Deadline: 15 June 2022

The Journal of Applied History is producing a special edition on Weaponizing History in the Russo-Ukrainian War, with guest editors Prof. Breatrice de Graaf and Prof. Lien Verpoest (Leuven University). For this, the Journal calls for contributions until 15 June.

Historical claims, narratives, myths and other distortions of the past have been at the heart of the build-up to the current war and its legitimation and contestation. A Nietzschean monumentalist instrumentalization of history stands out. The past is mined by Russian president Vladimir Putin to construct a narrative of Russian greatness: it is abused to glorify political leadership by positioning the president as the heir of the czars. The past is instrumentalized to support geopolitical claims on Ukrainian territory as historically ‘belonging’ to Russia and to legitimize a battle against NATO imperialism.
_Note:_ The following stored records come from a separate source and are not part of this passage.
(* Let $0<c_1\le 0.2$ and suppose $t\le c_1 n$. Then for all sufficiently large $n$ and all $k\ge 0$, with $L=\sum_{i=1}^x (a_i-t_i)\, d_i\, e^{d_i k/n}$, we have $\frac{L}{n-d_{\max}}\ge 1$.
   Context: Setting: $n$ vertices, a target set $B$ with $|B|=t$, each vertex $v$ has out-degree $d_v$ with $2\le d_{\min}\le d_v\le d_{\max}$ (constants). $d_1,\dots,d_x$ are the distinct out-degrees, $a_i$ is the number of vertices of out-degree $d_i$ (so $\sum_i a_i=n$), and $t_i$ the number of vertices of $B$ of out-degree $d_i$ (so $\sum_i t_i = t$). *)

From HB Require Import structures.
From mathcomp Require Import all_boot all_order all_algebra.
From mathcomp Require Import reals.
From mathcomp.analysis Require Import sequences exp.
Set Implicit Arguments. Unset Strict Implicit. Unset Printing Implicit Defensive.
Import Order.TTheory GRing.Theory Num.Theory.
Local Open Scope ring_scope.

(* Vertices are 'I_n; deg v is the out-degree of v; B is the target set. *)

Definition distinct_degs (n : nat) (deg : 'I_n -> nat) : seq nat :=
  undup [seq deg v | v : 'I_n].

Definition deg_count (n : nat) (deg : 'I_n -> nat) (di : nat) : nat :=
  #|[set v : 'I_n | deg v == di]|.

Definition deg_count_in (n : nat) (deg : 'I_n -> nat) (B : {set 'I_n}) (di : nat) : nat :=
  #|[set v in B | deg v == di]|.

Definition Lsum (R : realType) (n : nat) (deg : 'I_n -> nat) (B : {set 'I_n}) (k : R) : R :=
  \sum_(di <- distinct_degs deg)
     ((deg_count deg di)%:R - (deg_count_in deg B di)%:R) * di%:R
       * expR (di%:R * k / n%:R).

(* Every vertex outside B has out-degree at least 2 and every exponential
   factor is at least 1 (as k >= 0), so L >= 2 (n - t) >= 2 (1 - c1) n > n,
   while n - d_max <= n is positive once n > d_max. *)
From HB Require Import structures.
From mathcomp Require Import all_boot all_order all_algebra.
From mathcomp Require Import reals.
From mathcomp.analysis Require Import sequences exp.
From mathcomp Require Import lra.
Import Order.TTheory GRing.Theory Num.Theory.
Local Open Scope ring_scope.

Lemma sum_card_fiber_undup {T : finType} {S : eqType} (f : T -> S) (A : {set T}) :
  (\sum_(y <- undup [seq f x | x <- enum T]) #|[set x in A | f x == y]| = #|A|)%N.
Proof.
rewrite (eq_bigr (fun y => \sum_x ((x \in A) * (f x == y)))%N); last first.
  move=> y _; rewrite -sum1_card big_mkcond /=; apply: eq_bigr => x _.
  by rewrite inE; case: (x \in A); case: (f x == y).
rewrite exchange_big /= -sum1_card [RHS]big_mkcond /=; apply: eq_bigr => x _.
rewrite -big_distrr /=; case: (x \in A); last by rewrite mul0n.
have count_fx : count_mem (f x) (undup [seq f x | x <- enum T]) = 1%N.
  by rewrite count_uniq_mem ?undup_uniq // mem_undup map_f ?mem_enum.
rewrite mul1n -count_fx -sum1_count [RHS]big_mkcond /=.
by apply: eq_bigr => y _; rewrite eq_sym; case: (y == f x).
Qed.

Lemma deg_count_split {n : nat} (deg : 'I_n -> nat) (B : {set 'I_n}) (di : nat) :
  deg_count deg di = (deg_count_in deg B di + #|[set v in ~: B | deg v == di]|)%N.
Proof.
rewrite /deg_count /deg_count_in -(cardsID B [set v | deg v == di]).
by congr (_ + _)%N; apply: eq_card => v; rewrite !inE andbC.
Qed.

Lemma Lsum_ge_outside {R : realType} {n dmin : nat} (deg : 'I_n -> nat)
    (B : {set 'I_n}) (k : R) :
  (forall v, dmin <= deg v)%N -> 0 <= k ->
  dmin%:R * #|~: B|%:R <= Lsum deg B k.
Proof.
move=> deg_ge k_ge0.
rewrite -(sum_card_fiber_undup deg) natr_sum mulr_sumr /Lsum.
rewrite big_seq [X in _ <= X]big_seq; apply: ler_sum => di.
rewrite mem_undup => /mapP [v _ ->] {di}.
rewrite (deg_count_split deg B) natrD [_%:R + _]addrC addrK mulrC -mulrA ler_wpM2l //.
rewrite -[X in X <= _]mulr1 ler_pM ?ler_nat //.
apply: le_trans (expR_ge1Dx _); rewrite lerDl.
by rewrite divr_ge0 ?mulr_ge0.
Qed.

Theorem lemma7 (R : realType) (c1 : R) (dmin dmax : nat) :
  0 < c1 -> c1 <= 2 / 10 ->
  (2 <= dmin)%N -> (dmin <= dmax)%N ->
  exists N : nat, forall n : nat, (N <= n)%N ->
    forall (deg : 'I_n -> nat) (B : {set 'I_n}),
      (forall v, (dmin <= deg v <= dmax)%N) ->
      (#|B|%:R <= c1 * n%:R) ->
      forall k : R, 0 <= k ->
        1 <= Lsum deg B k / (n%:R - dmax%:R).
Proof.
move=> _ c1_le two_le_dmin _; exists dmax.+1 => n dmax_lt_n deg B deg_bounds tB k k_ge0.
have deg_ge2 v : (2 <= deg v)%N.
  by case/andP: (deg_bounds v) => + _; apply: leq_trans two_le_dmin.
have L_ge := Lsum_ge_outside deg B k deg_ge2 k_ge0.
have card_outside : #|~: B|%:R = n%:R - #|B|%:R :> R.
  by rewrite cardsCs setCK card_ord natrB // -[n in (_ <= n)%N]card_ord max_card.
have t_le : #|B|%:R <= 2 / 10 * n%:R :> R by rewrite (le_trans tB) ?ler_wpM2r.
have dmax_lt : dmax%:R < n%:R :> R by rewrite ltr_nat.
rewrite ler_pdivlMr ?subr_gt0 // mul1r.
rewrite card_outside in L_ge.
have dmax_ge0 := ler0n R dmax.
(* lra gets lost in the nonlinear hypothesis tB, so drop it first. *)
by clear -L_ge t_le dmax_lt dmax_ge0; lra.
Qed.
Historical myths form the disturbing foundation of xenophobic rhetoric.

Critical reflection

All of this and more calls for a critical reflection on the role history and claims on and about the past play in the current war.
The editors invite a broad range of contributions, ranging from shorter (1,500-2,500 words) interventions and review essays to slightly longer (4,000) research papers. We welcome submissions on a broad range of topics, including, but not limited to:

Discussions and deconstructions of historical narratives and myths:

  • Moscow/Russia as the Third Rome;
  • Instrumentalizing narratives on Slavic brotherhood
  • (Strategic narratives on) Ukraine and the Nazi past;
  • The role of the Orthodox church in legitimizing Russian “imperial” politics
  • Ukrainian nationalism and its relations to “Europeanism”
  • The role of the Cossack Hetmanate in Ukrainian nationhood

Discussions on historical path dependencies and analogies relating to the war

  • Putin as a new czar vs. Russia as an empire in decline;
  • Appeasement vs. a new Cold War;
  • The Russian discourse of humiliation
  • Historians confronting IR/Realist theories;
  • How to historicize abuses: war crimes, ‘denazification’, missed opportunities, ‘broken promises’.